音楽業界団体「IFPI」の最新レポートで、昨年の世界の音楽消費は2年連続で上昇したことが明らかになった。同団体の「グローバル・ミュージック・レポート」によると、世界の音楽消費は2017年に8.1%の上昇で173億ドル(約1.9兆円)に達した。

また、2017年の結果で特筆すべきは、史上初めてストリーミングの売上が音楽業界の最大の収入源となったことだ。ストリーミングは世界の音楽消費の38.4%を占めており、売上は66億ドルに達した。

全体の売上は最盛期の1999年には遠く及ばないが、数年前と比べるとかなり改善しており、その成長をけん引するのがストリーミングだ。

スポティファイやアップルミュージックには、ロイヤリティの分配方法などの問題もあるが、ストリーミングが音楽業界の売上を増加させたことは確かだ。2017年に新たに有料のストリーミングサービスに加入した人口は、6400万人に及んでいる。また、広告モデルの無料のストリーミングを利用する人口も膨大な数に達している。

CDなどの物理フォーマットからの売上は5.4%減少し、30%のシェアになった。この部門では、過去数年にわたりレコードがシェアを伸ばしている。

さらに、ダウンロードやストリーミングなどのデジタルフォーマットの売上の合計は94億ドルに及び、全体の54%を占めることになった。ここにはやはり、ストリーミングが果たした役割が大きい。デジタルの売上からストリーミングを除外した場合、デジタルのシェアは全体の16%にとどまっている。

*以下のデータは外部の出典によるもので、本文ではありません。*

Lemma Cnorm_entries_le_Mnorm_sub_id M :
  Cnorm (Csub (m11 M) C1) <= Mnorm (Msub M Mid) /\ Cnorm (m12 M) <= Mnorm (Msub M Mid) /\
  Cnorm (m21 M) <= Mnorm (Msub M Mid) /\ Cnorm (Csub (m22 M) C1) <= Mnorm (Msub M Mid).
Proof.
  destruct (Cnorm_le_Mnorm (Msub M Mid)) as [H11 [H12 [H21 H22]]].
  replace (m12 M) with (m12 (Msub M Mid)) by (simpl; ring).
  replace (m21 M) with (m21 (Msub M Mid)) by (simpl; ring).
  exact (conj H11 (conj H12 (conj H21 H22))).
Qed.

Definition rateL (mu : R) (l : Z) (z : Cx) : Cx := m11 (D_L mu l z).

Section AdjointProductAlongPath.
Variables (om mu : R) (l : Z) (U : Cx -> Prop) (X Y : Cx -> M2) (g dg : R -> Cx) (lo hi : R).
Hypothesis X_sol : forall z, U z -> is_deriv_within U X z (normalizing_rhs om mu l X z).
Hypothesis Y_sol : forall z, U z -> is_deriv_within U Y z (normalizing_rhs om mu l Y z).
Hypothesis g_in : forall t, lo < t < hi -> U (g t).
Hypothesis g_deriv : forall t, lo < t < hi -> is_path_deriv g t (dg t).

Let Z (t : R) : M2 := adjprod X Y (g t).

(* This holds because [tr A_L = tr D_L]. *)
Lemma adjprod_path_deriv s : lo < s < hi ->
  is_mpath_deriv Z s
    (Mscale (dg s) (Msub (Mmul (D_L mu l (g s)) (Z s)) (Mmul (Z s) (D_L mu l (g s))))).
Proof.
  intro Hs; unfold Z, adjprod.
  eapply is_mpath_deriv_eq; [|apply is_mpath_deriv_mul; [apply is_mpath_deriv_adj|];
    eapply is_mpath_deriv_comp; eauto].
  unfold normalizing_rhs, A_L, D_L.
  destruct (X (g s)), (Y (g s)); unfold Madd, Madj, Mmul, Msub, Mscale; simpl.
  f_equal; ring.
Qed.

Lemma adjprod_entries_path_deriv s : lo < s < hi ->
  is_path_deriv (fun t => Csub (m11 (Z t)) C1) s (Cmul C0 (Csub (m11 (Z s)) C1)) /\
  is_path_deriv (fun t => Csub (m22 (Z t)) C1) s (Cmul C0 (Csub (m22 (Z s)) C1)) /\
  is_path_deriv (fun t => m12 (Z t)) s (Cmul (Cmul (rateL mu l (g s)) (dg s)) (m12 (Z s))) /\
  is_path_deriv (fun t => m21 (Z t)) s
    (Cmul (Copp (Cmul (rateL mu l (g s)) (dg s))) (m21 (Z s))).
Proof.
  intro Hs; destruct (adjprod_path_deriv s Hs) as [D11 [D12 [D21 D22]]].
  unfold rateL, D_L in *; cbn [m11 m12 m21 m22 Mmul Msub Mscale] in *.
  refine (conj _ (conj _ (conj _ _)));
    first [ eapply is_path_deriv_eq; [|apply is_path_deriv_sub;
              [eassumption|apply is_path_deriv_const]]
          | eapply is_path_deriv_eq; [|eassumption] ];
    ring.
Qed.

Section NearTheOrigin.
Hypothesis Z_to_id : forall eps, 0 < eps -> exists del, 0 < del /\
  forall s, lo < s < lo + del -> Mnorm (Msub (Z s) Mid) < eps.

Let entry_tends_to (f : M2 -> Cx) :
  (forall M, Cnorm (f M) <= Mnorm (Msub M Mid)) ->
  forall eps, 0 < eps -> exists del, 0 < del /\
    forall s, lo < s < lo + del -> Cnorm (f (Z s)) < eps.
Proof.
  intros Hf eps Heps; destruct (Z_to_id eps Heps) as [del [Hdel Hs]].
  exists del; split; auto; intros s Hs'; eapply Rle_lt_trans; [apply Hf|auto].
Qed.

Lemma adjprod_diag_eq1 s : lo < s < hi -> m11 (Z s) = C1 /\ m22 (Z s) = C1.
Proof.
  intro Hs.
  assert (Hconst : forall f : M2 -> Cx,
    (forall M, Cnorm (Csub (f M) C1) <= Mnorm (Msub M Mid)) ->
    (forall t, lo < t < hi ->
       is_path_deriv (fun t => Csub (f (Z t)) C1) t (Cmul C0 (Csub (f (Z t)) C1))) ->
    f (Z s) = C1).
  { intros f Hf Hd.
    assert (E : Csub (f (Z s)) C1 = C0).
    { apply (dissipative_eq0_of_lim0 (fun t => Csub (f (Z t)) C1) (fun _ => C0) lo hi); auto.
      - intros; unfold Re, C0; simpl; lra.
      - apply (entry_tends_to (fun M => Csub (f M) C1)); auto. }
    replace (f (Z s)) with (Cadd (Csub (f (Z s)) C1) C1) by ring; rewrite E; ring. }
  split; apply Hconst; try (intros; apply adjprod_entries_path_deriv; auto);
    intro M; now destruct (Cnorm_entries_le_Mnorm_sub_id M) as [? [? [? ?]]].
Qed.

Lemma adjprod_12_eq0 :
  (forall t, lo < t < hi -> Re (Cmul (rateL mu l (g t)) (dg t)) <= 0) ->
  forall s, lo < s < hi -> m12 (Z s) = C0.
Proof.
  intro Hsign; apply (dissipative_eq0_of_lim0 (fun t => m12 (Z t))
    (fun t => Cmul (rateL mu l (g t)) (dg t))); auto.
  - intros; apply adjprod_entries_path_deriv; auto.
  - apply entry_tends_to; intro M; now destruct (Cnorm_entries_le_Mnorm_sub_id M) as [? [? [? ?]]].
Qed.

Lemma adjprod_21_eq0 :
  (forall t, lo < t < hi -> 0 <= Re (Cmul (rateL mu l (g t)) (dg t))) ->
  forall s, lo < s < hi -> m21 (Z s) = C0.
Proof.
  intro Hsign; apply (dissipative_eq0_of_lim0 (fun t => m21 (Z t))
    (fun t => Copp (Cmul (rateL mu l (g t)) (dg t)))).
  - intros; apply adjprod_entries_path_deriv; auto.
  - intros t Ht; specialize (Hsign t Ht); rewrite Re_Copp; lra.
  - apply entry_tends_to; intro M; now destruct (Cnorm_entries_le_Mnorm_sub_id M) as [? [? [? ?]]].
Qed.
(* Cauchy-Schwarz for [(sqrt (c - s^2), s)] and [(sqrt (c - x^2), x)], both of norm [sqrt c]. *)
Lemma circle_gap_pos c s x :
  0 <= s -> 0 <= x -> s ^ 2 <= c -> x ^ 2 <= c -> x <> s -> 0 < circle_gap c s x.
Proof.
  intros hs hx hsc hxc nxs. unfold circle_gap.
  assert (ea : sqrt (c - s ^ 2) * sqrt (c - s ^ 2) = c - s ^ 2) by (apply sqrt_sqrt; lra).
  assert (ed : sqrt (c - x ^ 2) * sqrt (c - x ^ 2) = c - x ^ 2) by (apply sqrt_sqrt; lra).
  pose proof (sqrt_pos (c - s ^ 2)). pose proof (sqrt_pos (c - x ^ 2)).
  set (a := sqrt (c - s ^ 2)) in *. set (d := sqrt (c - x ^ 2)) in *.
  assert (Id : (a * d + x * s) ^ 2 + (a * x - d * s) ^ 2 = c ^ 2)
    by (transitivity ((a * a + s ^ 2) * (d * d + x ^ 2)); [ring| rewrite ea, ed; ring]).
  apply Rnot_le_lt. intros hge.
  assert (hdot : 0 <= a * d + x * s) by nra.
  assert (hperp : a * x = d * s) by nra.
  assert (hc : c * (x ^ 2 - s ^ 2) = 0)
    by (transitivity ((a * a + s ^ 2) * x ^ 2 - (d * d + x ^ 2) * s ^ 2);
        [rewrite ea, ed; ring|
         replace ((a * a + s ^ 2) * x ^ 2 - (d * d + x ^ 2) * s ^ 2)
           with ((a * x) * (a * x) - (d * s) * (d * s)) by ring;
         rewrite hperp; ring]).
  apply nxs. apply Rmult_integral in hc as [hc| hc]; [nra|].
  assert (hxs : (x - s) * (x + s) = 0) by nra.
  apply Rmult_integral in hxs as [hxs| hxs]; lra.
Qed.

Definition lt_slope (s : R) : R := sqrt (1 - s ^ 2) + s - sqrt 2.

Definition lt_minorant (t beta x h : R) : R :=
  p t h * sqrt (1 - x ^ 2) + q t * sqrt (beta ^ 2 - x ^ 2) + x * h - t - h * sqrt 2.

Lemma lt_minorant_affine t beta x h h' :
  lt_minorant t beta x h' = lt_minorant t beta x h + (h' - h) * lt_slope x.
Proof. unfold lt_minorant, lt_slope, p. ring. Qed.

Lemma lt_slope_nonpos s : s ^ 2 <= 1 -> lt_slope s <= 0.
Proof.
  intros hs. unfold lt_slope.
  assert (ea : sqrt (1 - s ^ 2) * sqrt (1 - s ^ 2) = 1 - s ^ 2) by (apply sqrt_sqrt; lra).
  set (a := sqrt (1 - s ^ 2)) in *.
  pose proof (sqrt_pos 2).
  destruct (Rle_or_lt (a + s) 0) as [hneg| hpos]; [lra|].
  enough (a + s <= sqrt 2) by lra.
  rewrite <- (sqrt_pow2 (a + s)) by lra. apply sqrt_le_1_alt.
  pose proof (pow2_ge_0 (a - s)). nra.
Qed.

Lemma lt_slope_continuous s : s ^ 2 < 1 -> continuity_pt lt_slope s.
Proof.
  intros hs. apply continuity_pt_filterlim, (ex_derive_continuous lt_slope).
  unfold lt_slope. auto_derive. simpl in hs. lra.
Qed.

Section SigmaTilde.

Variables t beta : R.
Hypotheses (ht : 0 < t) (hbeta : 1 < beta).

Lemma sigma_eq_tan h s :
  sigma_eq t beta h s = p t h * tan_of_sin 1 s + q t * tan_of_sin (beta ^ 2) s.
Proof. unfold sigma_eq, tan_of_sin, Rdiv. ring. Qed.

Lemma sigma_eq_solvable h : 0 < h -> exists s, 0 < s < 1 /\ sigma_eq t beta h s = h.
Proof.
  intros hh.
  destruct (q_pos_le t ht) as [hq _]. pose proof (p_ge t h ht) as hp.
  set (c := sqrt (1 / 2)).
  assert (hc2 : c * c = 1 / 2) by (apply sqrt_sqrt; lra).
  assert (hc : 0 < c) by (apply sqrt_lt_R0; lra).
  assert (cont : forall s, 0 <= s <= c -> continuity_pt (fun s => sigma_eq t beta h s - h) s).
  { intros s hs. apply continuity_pt_filterlim.
    apply (ex_derive_continuous (fun s => sigma_eq t beta h s - h)).
    unfold sigma_eq. auto_derive.
    assert (0 < sqrt (1 + - (s * (s * 1)))) by (apply sqrt_lt_R0; nra).
    assert (0 < sqrt (beta * (beta * 1) + - (s * (s * 1)))) by (apply sqrt_lt_R0; nra).
    repeat split; try lra; nra. }
  (* at [c = 1/sqrt 2] the [p]-term of the equation alone equals [p t h >= h] *)
  destruct (Ranalysis5.IVT_interv _ 0 c cont hc) as [z [hz Ez]].
  - unfold sigma_eq. rewrite !Rmult_0_r, !Rdiv_0_l. lra.
  - assert (hc1 : tan_of_sin 1 c = 1).
    { unfold tan_of_sin. replace (1 - c ^ 2) with (c * c) by (simpl; lra).
      rewrite sqrt_square by lra. field. lra. }
    assert (hc' : 0 < tan_of_sin (beta ^ 2) c).
    { unfold tan_of_sin. apply Rdiv_lt_0_compat; [lra|]. apply sqrt_lt_R0. simpl. nra. }
    rewrite sigma_eq_tan, hc1. nra.
  - exists z. split; [|lra].
    destruct (Req_dec z 0) as [E|E].
    + subst z. unfold sigma_eq in Ez. rewrite !Rmult_0_r, !Rdiv_0_l in Ez. lra.
    + nra.
Qed.
Theorem theorem2 (C : numClosedFieldType) (N : nat) (d : 'I_N -> nat)
  (W : op C (tidx d)) :
  popt W -> ~ density W ->
  exists (G : sqgame C N) (M : local_meas d G),
    valid_game G /\ valid_meas M /\
    payoff W M < 0 /\
    forall (rho : op C (tidx d)) (M' : local_meas d G),
      density rho -> valid_meas M' -> 0 <= payoff rho M'.
Proof.
move=> poptW not_densW; have [hermW [trW _]] := poptW.
have d_gt0 i : (0 < d i)%N by apply: (trace_dim_gt0 (A := W)); rewrite trW oner_neq0.
have [v form_lt0] := not_psd_witness hermW (fun psdW => not_densW (conj psdW trW)).
exists (witness_game (proj (fun x => (v x)^*))), (fun i => proj_test (maxent (d i))).
split; first exact: witness_game_valid.
split; first exact: maxent_test_valid.
split; first exact: payoff_witness_game_lt0.
by move=> rho M [psd_rho _]; apply: payoff_witness_game_ge0 (psd_proj _) psd_rho.
Qed.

また、売上シェアで4番目に位置するのが「パフォーマンス・ライツ」のカテゴリで、これはラジオや公共の場で流される音楽から入る売上だ。この部門の売上は年間24億ドルで、シェアは14%にとどまっている。ただし、この分野からは音楽業界が正しくロイヤリティを徴収できていないことも指摘されており、まだ売上を伸ばせる可能性がある。